▶ [PROVIDED ENTRIES]:
=== Begin Enclosure ===

(* D_0 = vh0 *)
Lemma vh0_neq0 : vh0 != 0.
Proof.
by have := HD 0; rewrite /D /= horner0 mulr0 add0r (monic_family0 Pmonic) hornerC mulr1.
Qed.

(* Ph_n(c) != 0: otherwise Ph_{k+1} = (x - c) T with T monic of degree k and
   <v, P_k T> = <vh, P_k Ph_{k+1}> = 0, contradicting <v, P_k P_k> != 0. *)
Lemma Ph_c_neq0 n : (Ph n).[c] != 0.
Proof.
case: n => [|k]; first by rewrite (monic_family0 Phmonic) hornerC oner_eq0.
apply/negP => /eqP Hc.
have [E ST] := divp_XsubC c (Ph k.+1).
set T := Ph k.+1 %/ _ in E ST; rewrite Hc addr0 in E.
have Sz : size T = k.+1 by rewrite ST (proj2 (Phmonic k.+1)).
have Tk : T`_k = 1.
  have := monic_family_coef k.+1 Phmonic; rewrite E coefXsubCM.
  by rewrite (nth_default 0 (_ : size T <= k.+1)%N) ?Sz // mulr0 subr0.
have : fapp v (P k * T) = 0.
  rewrite -fapp_vh_XsubCM mulrCA -E mulrC (SMOP_orth_low HSh) //.
  by rewrite (proj2 (Pmonic k)).
rewrite (SMOP_orth_lead HSv (eq_leq Sz)) Tk mul1r; apply/eqP.
by have [_ [_ ->]] := HSv.
Qed.

(* Ph_n = P_n + ell_n P_{n-1}: the right side is orthogonal for vh to all
   lower degrees, since <vh, q> = <v, dd q> + vh0 q(c). *)
Lemma Ph_expand n : Ph n = P n + ell n *: pm1 P n.
Proof.
case: n => [|k]; first by rewrite /= scaler0 addr0 (monic_family0 Pmonic) (monic_family0 Phmonic).
have Sz : size (P k.+1 + ell k.+1 *: pm1 P k.+1) = k.+2.
  rewrite size_polyDl (proj2 (Pmonic k.+1)) //.
  by apply: leq_ltn_trans (size_scale_leq _ _) _; rewrite /= (proj2 (Pmonic k)).
symmetry; apply: (SMOP_unique HSh Sz).
  by rewrite coefD coefZ (monic_family_coef k.+1 Pmonic) (coef_pm1 k.+1 Pmonic) mulr0 addr0.
move=> q Hq; have [E ST] := divp_XsubC c q.
set r := q %/ _ in E ST.
have Sr : (size r <= k)%N by rewrite ST; move: Hq; case: (size q) => //= ?; lia.
rewrite E mulrDr mulrCA fappD fapp_vh_XsubCM (mulrC _ (q.[c])%:P) mul_polyC fappZ.
rewrite mulrDl -scalerAl !fappD !fappZ /= !fapp_vhP.
rewrite (SMOP_orth_low HSv Sr) (SMOP_orth_low HSv (_ : size r <= k.+1)%N); last by lia.
by rewrite /ell /= mulr0 addr0 add0r; have Dk := HD k; field.
Qed.

(* (x - c) P_n = Ph_{n+1} + beta_n Ph_n: the right side vanishes at c, and its
   quotient by x - c is monic of degree n and v-orthogonal to lower degrees. *)
Lemma XsubCM_P n : ('X - c%:P) * P n = Ph n.+1 + beta n *: Ph n.
Proof.
set R := Ph n.+1 + beta n *: Ph n.
have Rc : R.[c] = 0 by rewrite /R hornerD hornerZ /beta; have Phc := Ph_c_neq0 n; field.
have [E ST] := divp_XsubC c R.
set T := R %/ _ in E ST; rewrite Rc addr0 in E.
have SR : size R = n.+2.
  rewrite size_polyDl (proj2 (Phmonic n.+1)) //.
  by apply: leq_ltn_trans (size_scale_leq _ _) _; rewrite (proj2 (Phmonic n)).
have Sz : size T = n.+1 by rewrite ST SR.
suff -> : P n = T by rewrite -E.
symmetry; apply: (SMOP_unique HSv Sz).
  have : R`_n.+1 = 1.
    rewrite coefD coefZ (monic_family_coef n.+1 Phmonic).
    by rewrite (nth_default 0 (_ : size (Ph n) <= n.+1)%N) ?(proj2 (Phmonic n)) // mulr0 addr0.
  by rewrite E coefXsubCM (nth_default 0 (_ : size T <= n.+1)%N) ?Sz // mulr0 subr0.
move=> q Hq; rewrite -fapp_vh_XsubCM mulrA -E mulrDl -scalerAl fappD fappZ.
by rewrite !(SMOP_orth_low HSh) ?mulr0 ?addr0 //; lia.
Qed.

(* J - cI = U L in terms of the recurrence coefficients of P. *)
Lemma rec_coef_P n : b n = c + ell n.+1 + beta n /\ ((0 < n)%N -> a n = beta n * ell n).
Proof.
have E : 'X * P n = P n.+1 + (c + ell n.+1 + beta n) *: P n + (beta n * ell n) *: pm1 P n.
  have -> : 'X * P n = ('X - c%:P) * P n + c%:P * P n by ring.
  rewrite XsubCM_P !Ph_expand /= -!mul_polyC !polyCD !polyCM; ring.
have [H1 H2] := rec_coef_unique Pmonic Rv E.
by split=> // /H2.
Qed.

(* Jh - cI = L U in terms of the recurrence coefficients of Ph. *)
Lemma rec_coef_Ph n : bh n.+1 = c + beta n.+1 + ell n.+1 /\ ah n.+1 = ell n.+1 * beta n.
Proof.
have E : 'X * Ph n.+1 = Ph n.+2 + (c + beta n.+1 + ell n.+1) *: Ph n.+1 +
     (ell n.+1 * beta n) *: pm1 Ph n.+1.
  have -> : 'X * Ph n.+1 = ('X - c%:P) * Ph n.+1 + c%:P * Ph n.+1 by ring.
  have -> : ('X - c%:P) * Ph n.+1 = ('X - c%:P) * P n.+1 + ell n.+1 *: (('X - c%:P) * P n).
    by rewrite Ph_expand /= mulrDr scalerAr.
  rewrite !XsubCM_P /= -!mul_polyC !polyCD !polyCM; ring.
have [H1 H2] := rec_coef_unique Phmonic Rh E.
by split; [rewrite H1 | rewrite H2].
Qed.

(* The parameter of the co-recursive polynomials is beta_0. *)
Lemma beta0_eq : beta 0 = v 0%N / vh0.
Proof.
have P0 := monic_family0 Pmonic; have Ph0 := monic_family0 Phmonic.
have P1e : P 1 = 'X - (b 0)%:P.
  by have := Rv 0; rewrite /= P0 scaler0 addr0 mulr1 => ->; rewrite -mul_polyC; ring.
rewrite /beta Ph0 Ph_expand /= P1e P0 /ell /D /= P1e P0 /P1 /assoc1 rec_poly0 !hornerE divr1.
by have vh0n := vh0_neq0; field.
Qed.

Lemma rec_S n : 'X * S n =
  S n.+1 + (if n is 0 then b 0 - beta 0 else b n) *: S n + a n *: pm1 S n.
Proof.
rewrite beta0_eq; have P0 := monic_family0 Pmonic.
case: n => [|k].
  rewrite /S /= P0 scaler0 addr0 /P1 /assoc1 rec_poly0.
  have := Rv 0; rewrite /= P0 scaler0 addr0 mulr1 => ->.
  rewrite -!mul_polyC !polyCB polyCM; ring.
rewrite /S /= /P1 assoc1S -/(assoc1 b a).
have E := Rv k.+1; rewrite /= in E.
rewrite mulrDr E -!mul_polyC; ring.
Qed.

Lemma balpha_eq n : balpha n = c + ell n.+1 + (if n is 0 then 0 else beta n).
Proof.
have [<- _] := rec_coef_unique Smonic Ra (rec_S n).
by case: n => [|k]; rewrite (proj1 (rec_coef_P _)) //; ring.
Qed.

Lemma aalpha_eq n : (0 < n)%N -> aalpha n = beta n * ell n.
Proof.
move=> n0; have [_ Ha] := rec_coef_unique Smonic Ra (rec_S n).
by rewrite -Ha // (proj2 (rec_coef_P n)).
Qed.

(* Q_n, which will turn out to be (x - c) Ph1_n. *)
Let Q n := S n.+1 + ell n.+1 *: S n.

(* (x - c) S_n = Q_n + beta_n Q_{n-1}: the factorisation J_alpha - cI = Lh Uh
   read on polynomials. *)
Lemma XsubCM_S k : ('X - c%:P) * S k = Q k + beta k *: pm1 Q k.
Proof.
have := Ra k; rewrite balpha_eq /Q mulrBl => ->.
case: k => [|k] /=; first by rewrite !scaler0 !addr0 -!mul_polyC !polyCD; ring.
by rewrite aalpha_eq // -!mul_polyC !polyCD !polyCM; ring.
Qed.

Lemma XsubCM_Q k : ('X - c%:P) * Q k =
  Q k.+1 + beta k.+1 *: Q k + ell k.+1 *: (Q k + beta k *: pm1 Q k).
Proof. by rewrite {1}/Q mulrDr -scalerAr !XsubCM_S. Qed.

=== End Enclosure ===

Only lines holding the word "else" are wanted, so copy each of them from the records above.

  S n.+1 + (if n is 0 then b 0 - beta 0 else b n) *: S n + a n *: pm1 S n.
Lemma balpha_eq n : balpha n = c + ell n.+1 + (if n is 0 then 0 else beta n).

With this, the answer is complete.